Applying the Closed Range Theorem, we find that $ \text{Range} \left( T^{*} - \overline{\lambda} I \right) $ is also closed in $ \mathcal{H} $. By Claim $ 1 $, we therefore conclude that $ \text{Range} \left( T^{*} - \overline{\lambda} I \right) = \mathcal{H} $. $ \quad \spadesuit $
As $ \lambda \in {\sigma_{B(\mathcal{H})}}(T) $, we have $ \overline{\lambda} \in {\sigma_{B(\mathcal{H})}}(T^{*}) $. Then as $ T^{*} - \overline{\lambda} I $ is surjective (by Claim $ 2 $), it follows from the Bounded Inverse Theorem that $ T^{*} - \overline{\lambda} I $ cannot be injective. Therefore, $ \overline{\lambda} $ is an eigenvalue of $ T^{*} $.

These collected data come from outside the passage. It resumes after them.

(* Let $\mathsf{K}$ be a universal class of $\mathcal{L}$-algebras with parametrically definable principal congruences. If $\mathrm{Th}(\mathsf{K})$ has a model completion, then $\mathsf{K}$ has quantifier-free definable principal congruences.
   Context: $\mathcal{L}$ is an algebraic first-order language with at least one constant symbol. A universal class is closed under isomorphic images, subalgebras and ultraproducts. A model completion of a theory $T$ is a model complete theory $T^*$ with the same universal consequences as $T$ such that for every model $M$ of $T$, $T^*$ plus the diagram of $M$ is complete. $\mathrm{Cg}^{\mathbf{A}}(b_1,b_2)$ is the congruence of $\mathbf{A}$ generated by $(b_1,b_2)$. $\mathsf{K}$ has parametrically definable principal congruences if there is a quantifier-free formula $\xi(x_1,x_2,y_1,y_2,\overline{z})$ ($\overline{z}$ a finite set of variables) such that for every $\mathbf{A}\in\mathsf{K}$ and $a_1,a_2,b_1,b_2\in A$: $(a_1,a_2)\in\mathrm{Cg}^{\mathbf{A}}(b_1,b_2)$ iff every $\mathbf{B}\in\mathsf{K}$ extending $\mathbf{A}$ satisfies $\forall\overline{z}.\xi(a_1,a_2,b_1,b_2,\overline{z})$. $\mathsf{K}$ has quantifier-free definable principal congruences if there is a quantifier-free formula $\alpha(x_1,x_2,y_1,y_2)$ with $(a_1,a_2)\in\mathrm{Cg}^{\mathbf{A}}(b_1,b_2)$ iff $\mathbf{A}\models\alpha(a_1,a_2,b_1,b_2)$ for all $\mathbf{A}\in\mathsf{K}$ and $a_1,a_2,b_1,b_2\in A$. *)

From mathcomp Require Import all_boot.
Set Implicit Arguments.
Unset Strict Implicit.
Unset Printing Implicit Defensive.

Record language := Language { sym : Type; arity : sym -> nat }.

Section FOL.
Variable L : language.

Record algebra := Algebra {
  carrier :> Type;
  op : forall f : sym L, ('I_(arity f) -> carrier) -> carrier }.
Arguments op {a} f args.

Inductive term : Type :=
  | Var : nat -> term
  | App : forall f : sym L, ('I_(arity f) -> term) -> term.
Arguments App f args.

Inductive formula : Type :=
  | FEq  : term -> term -> formula
  | FFalse : formula
  | FNot : formula -> formula
  | FAnd : formula -> formula -> formula
  | FOr  : formula -> formula -> formula
  | FImp : formula -> formula -> formula
  | FAll : nat -> formula -> formula
  | FEx  : nat -> formula -> formula.

Fixpoint term_occ (t : term) (n : nat) : Prop :=
  match t with
  | Var m => m = n
  | App f args => exists k, term_occ (args k) n
  end.

Fixpoint free_var (phi : formula) (n : nat) : Prop :=
  match phi with
  | FEq t1 t2 => term_occ t1 n \/ term_occ t2 n
  | FFalse => False
  | FNot p => free_var p n
  | FAnd p q | FOr p q | FImp p q => free_var p n \/ free_var q n
  | FAll m p | FEx m p => n <> m /\ free_var p n
  end.

Definition sentence (phi : formula) : Prop := forall n, ~ free_var phi n.

Fixpoint qfree (phi : formula) : Prop :=
  match phi with
  | FEq _ _ | FFalse => True
  | FNot p => qfree p
  | FAnd p q | FOr p q | FImp p q => qfree p /\ qfree q
  | FAll _ _ | FEx _ _ => False
  end.

Inductive universal : formula -> Prop :=
  | univ_qf phi : qfree phi -> universal phi
  | univ_all n phi : universal phi -> universal (FAll n phi).

Fixpoint teval (A : algebra) (v : nat -> A) (t : term) : A :=
  match t with
  | Var n => v n
  | App f args => op f (fun k => teval v (args k))
  end.

Definition upd (A : Type) (v : nat -> A) (n : nat) (a : A) : nat -> A :=
  fun m => if m == n then a else v m.

Fixpoint sat (A : algebra) (v : nat -> A) (phi : formula) : Prop :=
  match phi with
  | FEq t1 t2 => teval v t1 = teval v t2
  | FFalse => False
  | FNot p => ~ sat v p
  | FAnd p q => sat v p /\ sat v q
  | FOr p q => sat v p \/ sat v q
  | FImp p q => sat v p -> sat v q
  | FAll n p => forall a : A, sat (upd v n a) p
  | FEx n p => exists a : A, sat (upd v n a) p
  end.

Working backwards now, let $ \lambda \in \mathbb{C} $. If $ \lambda $ is an approximate eigenvalue of $ T $, then by Problem $ 1 $, we have $ \lambda \in {\sigma_{B(\mathcal{H})}}(T) $. If $ \overline{\lambda} $ is an eigenvalue of $ T^{*} $, then $ \overline{\lambda} \in {\sigma_{B(\mathcal{H})}}(T^{*}) $, which implies that $ \lambda \in {\sigma_{B(\mathcal{H})}}(T) $.
Conclusion: Let $ \mathcal{H} $ be a Hilbert space and $ T \in B(\mathcal{H}) $. Then $ \lambda \in {\sigma_{B(\mathcal{H})}}(T) $ if and only if $ \lambda $ is an approximate eigenvalue of $ T $ or $ \overline{\lambda} $ is an eigenvalue of $ T^{*} $.
If something is non-invertible, there's two (non-disjoint) possibilities: it fails to be injective, or it fails to be surjective. In finite dimension, these are the same, but in infinite-dimensional spaces, weird things can happen.
If it fails to be injective, there's $x \ne y$ such that $(T - \lambda I)(x) = (T - \lambda I)(y)$. So $(T - \lambda I)(x - y) = 0$, implying $T(x - y) = \lambda (x - y)$, showing that $\lambda$ is an eigenvalue.
But if it fails to be surjective, then we can't do that kind of thing. For example, let $T$ be the "right shift" operator, where sequences are padded on the left with zeroes. Clearly $T - 0I$ has no inverse, but that doesn't mean $0$ is an eigenvalue.
EDIT: After getting some sleep, fixed stupid mistake.
Best Answer
So we assume that the range of $A-\lambda I$ is dense, and we can assume that $\lambda$ is not an eigenvalue (since otherwise the result is trivial). But then $A-\lambda I$ has trivial kernel, and it is not invertible -- because $\lambda\in\sigma(A)$ --, so we conclude that $A-\lambda I$ is not bounded below; this is exactly what you are looking for.